KRULWICH: Than it does for me. But when you think about it, though, the guy has such amazing reaction time. I mean, I can't dunk like him. I can't shoot...
Dr. EAGLEMAN: Wait. Good point. So let me mention something else, which is everything that we're talking about here has to do with conscious awareness of time.
KRULWICH: Dr. Eagleman says a really fine basketball player has practiced so much, his reactions have become more or less automatic and much faster than his conscious awareness. So his brain, it doesn't wait for every last bit of information to arrive and think, well, now what do I do? He just does it. But for the things that we are aware of, certainly touch, tall people and short people may have different nows.
Dr. EAGLEMAN: Yes, yes.
KRULWICH: But this is great news for short people.
Dr. EAGLEMAN: Yes.
KRULWICH: Because like, if Randy Newman writes this song, short people have no reason to live - I don't know if you know his anthem for short people.

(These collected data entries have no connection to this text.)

(* The order function $\mathrm{Ord}$ (defined in the context) has the following properties. (1) $\mathrm{Ord}$, viewed as a function of the four endpoints of the two oriented segments (a function $\mathbb{R}^8\to\mathbb{R}$), is semi-algebraic. (2) $\mathrm{Ord}$ is continuous on the subdomain of pairs of oriented segments that do not intersect in their interiors. (3) Let $(e_1^n)_{n\ge1}$ and $(e_2^n)_{n\ge1}$ be sequences of oriented segments converging (endpoint-wise) to oriented segments $e_1$ and $e_2$ respectively, such that for every $n$, $e_1^n$ and $e_2^n$ do not intersect in their interiors ($e_1$ and $e_2$ themselves may intersect in their interiors). Then either $\mathrm{Ord}(e_1^n,e_2^n)\to \mathrm{Ord}(e_1,e_2)$, or the sequence $\mathrm{Ord}(e_1^n,e_2^n)$ has at most two accumulation points, namely $d$ and $-d$, where $d$ is the length of the overlap $e_1\cap e_2$.
   Context: An oriented segment (edge) $e$ in $\mathbb{R}^2$ is given by an ordered pair of endpoints (possibly equal). For oriented segments $e_1,e_2$, choose coordinates in which the first endpoint of $e_1$ is the origin and $e_1$ runs from $(0,0)$ to $(l,0)$ along the positive $x$-axis, $l=\mathrm{len}(e_1)$. Define $d_+(e_1,e_2)=\mathrm{len}\{x\in[0,l] : \exists y\ge 0,\ (x,y)\in e_2\}$ and $d_-(e_1,e_2)=\mathrm{len}\{x\in[0,l] : \exists y\le 0,\ (x,y)\in e_2\}$ (len = one-dimensional Lebesgue measure; both are $0$ if $l=0$), i.e. $d_+$ is the length of the projection onto the segment $e_1$ of the part of $e_2$ lying on the left (nonnegative-$y$) side of $e_1$, and similarly for $d_-$. The order function is $\mathrm{Ord}(e_1,e_2)=d_+(e_1,e_2)-d_-(e_1,e_2)$. Two segments ''do not intersect in their interiors'' if their relative interiors are disjoint (they may touch at an endpoint of at least one of them, but may not cross or overlap along a positive length). *)

From Stdlib Require Import Reals List ClassicalEpsilon.
Open Scope R_scope.

Definition cover_sum (S : R -> Prop) (s : R) : Prop :=
  exists a b : nat -> R,
    (forall n, a n <= b n) /\
    (forall x, S x -> exists n, a n < x < b n) /\
    infinite_sum (fun n => b n - a n) s.

Definition is_glb (E : R -> Prop) (m : R) : Prop :=
  (forall s, E s -> m <= s) /\ (forall m', (forall s, E s -> m' <= s) -> m' <= m).

(* Lebesgue outer measure of S (infimum of lengths of countable open-interval
   covers); it coincides with the Lebesgue measure on measurable sets.
   Only used on bounded sets, where the infimum exists. *)
Definition len (S : R -> Prop) : R :=
  epsilon (inhabits 0) (fun m => is_glb (cover_sum S) m).

Definition point : Type := (R * R)%type.

Record segment : Type := Seg { src : point; dst : point }.

Definition px (p : point) : R := fst p.
Definition py (p : point) : R := snd p.

Definition lerp (a b : point) (t : R) : point :=
  ((1 - t) * px a + t * px b, (1 - t) * py a + t * py b).

Definition on_seg (e : segment) (z : point) : Prop :=
  exists t, 0 <= t <= 1 /\ z = lerp (src e) (dst e) t.

(* relative interior of the segment (for a degenerate segment this is the
   single point, which is indeed its relative interior) *)
Definition in_rel_interior (e : segment) (z : point) : Prop :=
  exists t, 0 < t < 1 /\ z = lerp (src e) (dst e) t.

Definition interiors_disjoint (e1 e2 : segment) : Prop :=
  ~ (exists z, in_rel_interior e1 z /\ in_rel_interior e2 z).

Definition seg_len (e : segment) : R :=
  sqrt ((px (dst e) - px (src e))^2 + (py (dst e) - py (src e))^2).

(* Coordinates of z in the orientation-preserving Cartesian frame in which
   src e1 is the origin and e1 runs along the positive x-axis
   (valid when seg_len e1 > 0). *)
Definition frame_x (e1 : segment) (z : point) : R :=
  ((px z - px (src e1)) * (px (dst e1) - px (src e1))
   + (py z - py (src e1)) * (py (dst e1) - py (src e1))) / seg_len e1.

Definition frame_y (e1 : segment) (z : point) : R :=
  ((px (dst e1) - px (src e1)) * (py z - py (src e1))
   - (py (dst e1) - py (src e1)) * (px z - px (src e1))) / seg_len e1.

Definition d_plus (e1 e2 : segment) : R :=
  if Req_EM_T (seg_len e1) 0 then 0 else
  len (fun x => 0 <= x <= seg_len e1 /\
         exists z, on_seg e2 z /\ frame_x e1 z = x /\ 0 <= frame_y e1 z).

Definition d_minus (e1 e2 : segment) : R :=
  if Req_EM_T (seg_len e1) 0 then 0 else
  len (fun x => 0 <= x <= seg_len e1 /\
         exists z, on_seg e2 z /\ frame_x e1 z = x /\ frame_y e1 z <= 0).

Definition Ord (e1 e2 : segment) : R := d_plus e1 e2 - d_minus e1 e2.

(* Length of the overlap e1 ∩ e2, computed via the arc-length (isometric)
   parametrization x |-> src e1 + (x / l) (dst e1 - src e1), x in [0,l], of e1.
   If e1 is a point the overlap has length 0. *)
Definition overlap_len (e1 e2 : segment) : R :=
  if Req_EM_T (seg_len e1) 0 then 0 else
  len (fun x => 0 <= x <= seg_len e1 /\
         on_seg e2 (lerp (src e1) (dst e1) (x / seg_len e1))).

Definition Ord8 (a1 a2 b1 b2 c1 c2 d1 d2 : R) : R :=
  Ord (Seg (a1, a2) (b1, b2)) (Seg (c1, c2) (d1, d2)).

Inductive rpoly : Type :=
| PVar : nat -> rpoly
| PConst : R -> rpoly
| PAdd : rpoly -> rpoly -> rpoly
| PMul : rpoly -> rpoly -> rpoly.

Fixpoint peval (env : list R) (p : rpoly) : R :=
  match p with
  | PVar i => nth i env 0
  | PConst c => c
  | PAdd p q => peval env p + peval env q
  | PMul p q => peval env p * peval env q
  end.

Inductive sa_formula : Type :=
| FEq0 : rpoly -> sa_formula
| FPos : rpoly -> sa_formula
| FNot : sa_formula -> sa_formula
| FAnd : sa_formula -> sa_formula -> sa_formula
| FOr : sa_formula -> sa_formula -> sa_formula.

Fixpoint sa_holds (env : list R) (f : sa_formula) : Prop :=
  match f with
  | FEq0 p => peval env p = 0
  | FPos p => peval env p > 0
  | FNot g => ~ sa_holds env g
  | FAnd g h => sa_holds env g /\ sa_holds env h
  | FOr g h => sa_holds env g \/ sa_holds env h
  end.

Definition semialgebraic_fun8 (f : R -> R -> R -> R -> R -> R -> R -> R -> R) : Prop :=
  exists phi : sa_formula,
    forall x1 x2 x3 x4 x5 x6 x7 x8 y : R,
      f x1 x2 x3 x4 x5 x6 x7 x8 = y <->
      sa_holds (x1 :: x2 :: x3 :: x4 :: x5 :: x6 :: x7 :: x8 :: y :: nil) phi.

Definition seg_dist (e f : segment) : R :=
  Rmax (Rmax (Rabs (px (src e) - px (src f))) (Rabs (py (src e) - py (src f))))
       (Rmax (Rabs (px (dst e) - px (dst f))) (Rabs (py (dst e) - py (dst f)))).

Definition seg_cv (s : nat -> segment) (e : segment) : Prop :=
  Un_cv (fun n => px (src (s n))) (px (src e)) /\
  Un_cv (fun n => py (src (s n))) (py (src e)) /\
  Un_cv (fun n => px (dst (s n))) (px (dst e)) /\
  Un_cv (fun n => py (dst (s n))) (py (dst e)).

Definition accumulation_point (u : nat -> R) (a : R) : Prop :=
  forall eps, eps > 0 -> forall N : nat, exists n, (n >= N)%nat /\ Rabs (u n - a) < eps.
(* Let $\omega\colon\mathbf Z_+\to(0,+\infty)$ be a weight which is bounded from below, such that $\omega(k2^n)\to+\infty$ as $n\to+\infty$ for every $k\ge3$, and such that $\mathcal T$ is a bounded operator on $\mathcal X_\omega$. Then $\mathcal T$ is hypercyclic on $\mathcal X_\omega$, i.e. there exists $f\in\mathcal X_\omega$ whose orbit $\{\mathcal T^nf;\ n\ge0\}$ is dense in $\mathcal X_\omega$. In particular, $\mathcal T$ is hypercyclic on $\mathcal X_{\omega_0}$, where $\omega_0(n)=(n+1)/\pi$.
   Context: $T\colon\mathbf Z_+\to\mathbf Z_+$ is the modified Collatz map: $T(n)=n/2$ for $n$ even, $T(n)=(3n+1)/2$ for $n$ odd. $\mathcal X_\omega$ is the Hilbert space of holomorphic functions $f(z)=\sum_{n\ge3}c_nz^n$ on the unit disk with $\|f\|_\omega^2=\sum_{n\ge3}|c_n|^2/\omega(n)<\infty$ (the quotient of the weighted Bergman space $\mathcal B^2_\omega$ by $\mathrm{span}[1,z,z^2]$). $\mathcal T\sum_{n\ge3}c_nz^n=\sum_{j\ge3,\,T(j)\ge3}c_jz^{T(j)}$. $\mathcal T$ is bounded on $\mathcal X_\omega$ iff the sequences $\omega(6m)/\omega(3m)$, $\omega(6m+2)/\omega(3m+1)$, $(\omega(6m+4)+\omega(2m+1))/\omega(3m+2)$ ($m\ge1$) are bounded; this holds for $\omega_0$. *)

From Stdlib Require Import Reals List Arith.
From Coquelicot Require Import Coquelicot.
Open Scope R_scope.

Definition collatz (n : nat) : nat :=
  if Nat.even n then Nat.div2 n else Nat.div2 (3 * n + 1).

(* Elements of X_omega are represented by their Taylor coefficient sequences
   c : nat -> C with c n = 0 for n < 3 (f(z) = sum_{n>=3} c_n z^n). *)
Definition in_X (omega : nat -> R) (c : nat -> C) : Prop :=
  (forall n, (n < 3)%nat -> c n = 0%C) /\
  ex_series (fun n => (Cmod (c n)) ^ 2 / omega n).

Definition normX (omega : nat -> R) (c : nat -> C) : R :=
  sqrt (Series (fun n => (Cmod (c n)) ^ 2 / omega n)).

Definition Csub_seq (c d : nat -> C) : nat -> C := fun n => (c n - d n)%C.

(* The operator  T (sum c_n z^n) = sum_{j>=3, T(j)>=3} c_j z^{T(j)}.
   The coefficient of z^m (m >= 3) is the sum of c_j over j >= 3 with
   collatz j = m; all such j satisfy j <= 2m, so the sum ranges over 3..2m. *)
Definition Top (c : nat -> C) : nat -> C :=
  fun m =>
    if (m <? 3)%nat then 0%C
    else fold_right Cplus 0%C
           (map c (filter (fun j => Nat.eqb (collatz j) m) (seq 3 (2 * m - 2)))).

Definition bounded_on_X (omega : nat -> R) : Prop :=
  exists M : R, forall c, in_X omega c ->
    in_X omega (Top c) /\ normX omega (Top c) <= M * normX omega c.

Definition hypercyclic_on_X (omega : nat -> R) : Prop :=
  exists f, in_X omega f /\
    forall g, in_X omega g -> forall eps : R, 0 < eps ->
      exists n : nat, normX omega (Csub_seq g (Nat.iter n Top f)) < eps.

Definition omega0 (n : nat) : R := (INR n + 1) / PI.

From Stdlib Require Import Reals List Arith.
From Coquelicot Require Import Coquelicot.
From Stdlib Require Import Lia Lra FunctionalExtensionality ClassicalEpsilon Cantor ZArith ZifyNat.
Open Scope R_scope.

(* Write S for the right inverse of T given by S(sum c_n z^n) = sum c_n z^(2n).  Since
   omega(k 2^m) -> +oo, S^m y -> 0 for every polynomial y.  On the other side, z^j (j >= 3)
   is close to ker T^N for N large: either T^N z^j = 0, or T^N z^j = z^a with a prime to 3,
   and then z^a has at least L + 1 distinct preimages z^b under T^N, whose average v satisfies
   ||v||^2 <= 1 / ((L + 1) inf omega).  So the polynomials y with T^N y = 0 for some N are dense;
   take a dense sequence y_i of them, each term repeated infinitely often, T^(N_i) y_i = 0.
   For a fast increasing sequence n_i, f = sum_i S^(n_i) y_i satisfies
   T^(n_k) f = y_k + T^(n_k) (sum_(i > k) S^(n_i) y_i), and the last term is small although
   ||T||^(n_k) may be large, because n_(k+1), n_(k+2), ... are chosen after n_k. *)

(* Sums over [i < n]; unlike Coquelicot's [sum_n] they may be empty. *)
Fixpoint rsum (n : nat) (f : nat -> R) : R :=
  match n with O => 0 | S n => rsum n f + f n end.
Fixpoint csum (n : nat) (f : nat -> C) : C :=
  match n with O => 0%C | S n => (csum n f + f n)%C end.
(* Let $P$ be a poset such that $\Sigma P$ is an $\omega$ type space. Then $\Sigma\sigma(P)$ is sober.
   Context: For a poset $P$, $\sigma(P)$ is the set of Scott open subsets of $P$ (a set $U$ is Scott open iff it is an upper set and for every directed $D$ whose supremum exists, $\bigvee D\in U$ implies $D\cap U\neq\emptyset$), $\Sigma P=(P,\sigma(P))$, and $\Sigma\sigma(P)$ is the poset $(\sigma(P),\subseteq)$ with its Scott topology. A topological space is an $\omega$ type space if it has a subbase consisting of countable subsets. A $T_0$ space is sober if every irreducible closed set equals $\overline{\{x\}}$ for some point $x$. *)

From Stdlib Require Import List.

Record poset := Poset {
  carrier :> Type;
  le : carrier -> carrier -> Prop;
  le_refl : forall x, le x x;
  le_trans : forall x y z, le x y -> le y z -> le x z;
  le_antisym : forall x y, le x y -> le y x -> x = y
}.

Section OrderNotions.
Variables (X : Type) (le : X -> X -> Prop).

Definition upper_set (U : X -> Prop) : Prop :=
  forall x y, le x y -> U x -> U y.

Definition directed (D : X -> Prop) : Prop :=
  (exists x, D x) /\
  forall x y, D x -> D y -> exists z, D z /\ le x z /\ le y z.

Definition is_sup (D : X -> Prop) (s : X) : Prop :=
  (forall d, D d -> le d s) /\
  (forall u, (forall d, D d -> le d u) -> le s u).

Definition scott_open (U : X -> Prop) : Prop :=
  upper_set U /\
  forall (D : X -> Prop) (s : X), directed D -> is_sup D s -> U s ->
    exists d, D d /\ U d.
End OrderNotions.

Definition sigmaP (P : poset) : Type := { U : P -> Prop | @scott_open (carrier P) (@le P) U }.

Definition sigma_le (P : poset) (U V : sigmaP P) : Prop :=
  forall x, proj1_sig U x -> proj1_sig V x.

(Soundbite of song, "Short People")
Mr. RANDY NEWMAN (Singer, Songwriter): (Singing) Short people got no reason to live.
KRULWICH: This means that short people actually live closer to the real than tall people.
Dr. EAGLEMAN: That's right. I mean, that...
(Soundbite of laughter)
Dr. EAGLEMAN: Yes, that's right. I'm not sure what good it does them.
(Soundbite of laughter)
KRULWICH: Well, David Eagleman's laboratory at Baylor College of Medicine is investigating how we perceive time in all kinds of ways. He has found time diseases, time illusions. His experiments are getting a lot of attention, but this hypothesis, this one - this one has deep appeal. Let's suppose that you're listening to the radio right now, and you are five-foot-three, and you're sitting next to someone who's six-foot-five. Do you - can you turn to the taller person and say, hey, I know about stuff a teeny bit ahead of you? Hurray!
(Soundbite of laughter)
Dr. EAGLEMAN: I think everybody should do that, yes. Turn to your taller neighbors and rub it in.
KRULWICH: Although, maybe, short people, you want to be a little careful about that.